Recorded data
◇ ◇ ◇ ◇ ◇
Lemma condV_CS_ge0 : 0 <= C_S.
Proof.
have [Vmarg V1 _] := hV; pose mu : Meas R d := \d_(0 : P).
have [q _ Vq] : exists2 q, setT q & supp (@dist2 R d) (V mu) q.
  apply: supp2_meets; first exact: measurableT.
  by rewrite -setXTT Vmarg // /mu /= diracT lte01.
have := V1 mu; set Sv := ereal_sup _; set Sx := ereal_sup _ => VSx.
have Sv_ge : ((enorm (vec q.2))%:E <= Sv)%E by apply: ereal_sup_ubound; exists q.
have Sx_ge : ((enorm (vec q.1))%:E <= Sx)%E by apply: ereal_sup_ubound; exists q.
have := le_trans Sv_ge VSx; rewrite leNgt; apply: contraNle => CS_lt0.
case: Sx Sx_ge {VSx} => [x| |] //= q1x.
  rewrite -EFinD -EFinM lte_fin; rewrite lee_fin in q1x.
  by have := enorm_ge0 (vec q.1); have := enorm_ge0 (vec q.2); nra.
by rewrite addey // mulry ltr0_sg // mulN1e ltNyr.
Qed.

Lemma supp_velocity_le (mu : Meas R d) r q : supp (@dist1 R d) mu `<=` cball0 r ->
  supp (@dist2 R d) (V mu) q -> enorm (vec q.2) <= C_S * (1 + r).
Proof.
move=> mu_r Vq; have [_ V1 _] := hV.
have := V1 mu; set Sv := ereal_sup _; set Sx := ereal_sup _ => VSx.
have Sv_ge : ((enorm (vec q.2))%:E <= Sv)%E by apply: ereal_sup_ubound; exists q.
have Sx_ge : ((enorm (vec q.1))%:E <= Sx)%E by apply: ereal_sup_ubound; exists q.
have Sx_le : (Sx <= r%:E)%E.
  by apply: ge_ereal_sup => _ [p Vp <-]; rewrite lee_fin; exact: mu_r _ (supp_marginal Vp).
have := le_trans Sv_ge VSx; case: Sx Sx_ge Sx_le {VSx} => [x| |] //= _.
rewrite -EFinD -EFinM !lee_fin => xr /le_trans; apply.
by rewrite ler_wpM2l ?condV_CS_ge0 ?lerD2l.
Qed.

End VelocityField.

Section LatticeSupport.
Variables (R : realType) (N d : nat).
Local Notation P := (pt R d).
Local Notation h := (N%:R^-1 : R).
Local Notation D := (d.+1%:R : R).
Hypothesis N_gt0 : (0 < N)%N.

Let h_gt0 : 0 < h. Proof. by rewrite invr_gt0 ltr0n. Qed.

Let xcell_gt0 : 0 < (N%:R ^+ 2)^-1 :> R.
Proof. by rewrite invr_gt0 exprn_gt0 // ltr0n. Qed.

Lemma enorm_xnode_le (m : Meas R d) r (i : xidx N d) :
  supp (@dist1 R d) m `<=` cball0 r -> (0 < m (Qx i))%E ->
  enorm (xnode R i) <= r + D * h ^+ 2.
Proof.
move=> m_r mi; have [y Qy my] := supp1_meets (measurable_cube _ _) mi.
apply: le_trans (cube_corner_le xcell_gt0 Qy) _; rewrite -exprVn.
by rewrite lerD2r; exact: m_r.
Qed.

Lemma supp_discretize (m : Meas R d) r :
  supp (@dist1 R d) m `<=` cball0 r ->
  supp (@dist1 R d) (discretize N m) `<=` cball0 (r + D * h ^+ 2).
Proof.
move=> m_r x mx; apply: cball0_closed => e /mx /sume_gt0_ex[i /mule_dirac_gt0[mi xi]].
by exists (ofvec (xnode R i)) => //; exact: enorm_xnode_le m_r mi.
Qed.

Variables (V : Meas R d -> Meas2 R d) (s : Meas R d -> Meas R d) (c : P -> Meas R d -> R).
Variables (C_S : R) (C_F : R -> R) (L Rs : R).
Hypotheses (hV : condV V C_S C_F) (hS : condS s L Rs).

Lemma enorm_transport_node_le (mu : Meas R d) r tau (i : xidx N d) (j : vidx N d) :
  supp (@dist1 R d) mu `<=` cball0 r -> 0 <= tau <= h ->
  (0 < V mu (Qx i `*` Qv j))%E ->
  enorm (xnode R i + tau *: vnode R j) <= r + h * (C_S * (1 + r)) + 2 * D * h ^+ 2.
Proof.
move=> mu_r /andP[tau0 tauh] Vij.
have [q [Qq1 Qq2] Vq] := supp2_meets (measurableX (measurable_cube _ _) (measurable_cube _ _)) Vij.
have q1_r : enorm (vec q.1) <= r := mu_r _ (supp_marginal hV Vq).
have q2_r := supp_velocity_le hV mu_r Vq.
have := cube_corner_le xcell_gt0 Qq1; rewrite -exprVn => xi.
have vj := cube_corner_le h_gt0 Qq2.
have tau_vj : tau * enorm (vnode R j) <= h * (C_S * (1 + r) + D * h).
  by apply: ler_pM => //; [exact: enorm_ge0 | lra].
apply: le_trans (enormD _ _) _; rewrite enormZ ger0_norm //; lra.
Qed.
◇ ◇ ◇ ◇ ◇
§ What you should do
A word-for-word transcription of the data above is required.

§ Answer for this exercise
Lemma condV_CS_ge0 : 0 <= C_S.
Proof.
have [Vmarg V1 _] := hV; pose mu : Meas R d := \d_(0 : P).
have [q _ Vq] : exists2 q, setT q & supp (@dist2 R d) (V mu) q.
  apply: supp2_meets; first exact: measurableT.
  by rewrite -setXTT Vmarg // /mu /= diracT lte01.
have := V1 mu; set Sv := ereal_sup _; set Sx := ereal_sup _ => VSx.
have Sv_ge : ((enorm (vec q.2))%:E <= Sv)%E by apply: ereal_sup_ubound; exists q.
have Sx_ge : ((enorm (vec q.1))%:E <= Sx)%E by apply: ereal_sup_ubound; exists q.
have := le_trans Sv_ge VSx; rewrite leNgt; apply: contraNle => CS_lt0.
case: Sx Sx_ge {VSx} => [x| |] //= q1x.
  rewrite -EFinD -EFinM lte_fin; rewrite lee_fin in q1x.
  by have := enorm_ge0 (vec q.1); have := enorm_ge0 (vec q.2); nra.
by rewrite addey // mulry ltr0_sg // mulN1e ltNyr.
Qed.

Lemma supp_velocity_le (mu : Meas R d) r q : supp (@dist1 R d) mu `<=` cball0 r ->
  supp (@dist2 R d) (V mu) q -> enorm (vec q.2) <= C_S * (1 + r).
Proof.
move=> mu_r Vq; have [_ V1 _] := hV.
have := V1 mu; set Sv := ereal_sup _; set Sx := ereal_sup _ => VSx.
have Sv_ge : ((enorm (vec q.2))%:E <= Sv)%E by apply: ereal_sup_ubound; exists q.
have Sx_ge : ((enorm (vec q.1))%:E <= Sx)%E by apply: ereal_sup_ubound; exists q.
have Sx_le : (Sx <= r%:E)%E.
  by apply: ge_ereal_sup => _ [p Vp <-]; rewrite lee_fin; exact: mu_r _ (supp_marginal Vp).
have := le_trans Sv_ge VSx; case: Sx Sx_ge Sx_le {VSx} => [x| |] //= _.
rewrite -EFinD -EFinM !lee_fin => xr /le_trans; apply.
by rewrite ler_wpM2l ?condV_CS_ge0 ?lerD2l.
Qed.

End VelocityField.

Section LatticeSupport.
Variables (R : realType) (N d : nat).
Local Notation P := (pt R d).
Local Notation h := (N%:R^-1 : R).
Local Notation D := (d.+1%:R : R).
Hypothesis N_gt0 : (0 < N)%N.

Let h_gt0 : 0 < h. Proof. by rewrite invr_gt0 ltr0n. Qed.

Let xcell_gt0 : 0 < (N%:R ^+ 2)^-1 :> R.
Proof. by rewrite invr_gt0 exprn_gt0 // ltr0n. Qed.

Lemma enorm_xnode_le (m : Meas R d) r (i : xidx N d) :
  supp (@dist1 R d) m `<=` cball0 r -> (0 < m (Qx i))%E ->
  enorm (xnode R i) <= r + D * h ^+ 2.
Proof.
move=> m_r mi; have [y Qy my] := supp1_meets (measurable_cube _ _) mi.
apply: le_trans (cube_corner_le xcell_gt0 Qy) _; rewrite -exprVn.
by rewrite lerD2r; exact: m_r.
Qed.

Lemma supp_discretize (m : Meas R d) r :
  supp (@dist1 R d) m `<=` cball0 r ->
  supp (@dist1 R d) (discretize N m) `<=` cball0 (r + D * h ^+ 2).
Proof.
move=> m_r x mx; apply: cball0_closed => e /mx /sume_gt0_ex[i /mule_dirac_gt0[mi xi]].
by exists (ofvec (xnode R i)) => //; exact: enorm_xnode_le m_r mi.
Qed.

Variables (V : Meas R d -> Meas2 R d) (s : Meas R d -> Meas R d) (c : P -> Meas R d -> R).
Variables (C_S : R) (C_F : R -> R) (L Rs : R).
Hypotheses (hV : condV V C_S C_F) (hS : condS s L Rs).

Lemma enorm_transport_node_le (mu : Meas R d) r tau (i : xidx N d) (j : vidx N d) :
  supp (@dist1 R d) mu `<=` cball0 r -> 0 <= tau <= h ->
  (0 < V mu (Qx i `*` Qv j))%E ->
  enorm (xnode R i + tau *: vnode R j) <= r + h * (C_S * (1 + r)) + 2 * D * h ^+ 2.
Proof.
move=> mu_r /andP[tau0 tauh] Vij.
have [q [Qq1 Qq2] Vq] := supp2_meets (measurableX (measurable_cube _ _) (measurable_cube _ _)) Vij.
have q1_r : enorm (vec q.1) <= r := mu_r _ (supp_marginal hV Vq).
have q2_r := supp_velocity_le hV mu_r Vq.
have := cube_corner_le xcell_gt0 Qq1; rewrite -exprVn => xi.
have vj := cube_corner_le h_gt0 Qq2.
have tau_vj : tau * enorm (vnode R j) <= h * (C_S * (1 + r) + D * h).
  by apply: ler_pM => //; [exact: enorm_ge0 | lra].
apply: le_trans (enormD _ _) _; rewrite enormZ ger0_norm //; lra.
Qed.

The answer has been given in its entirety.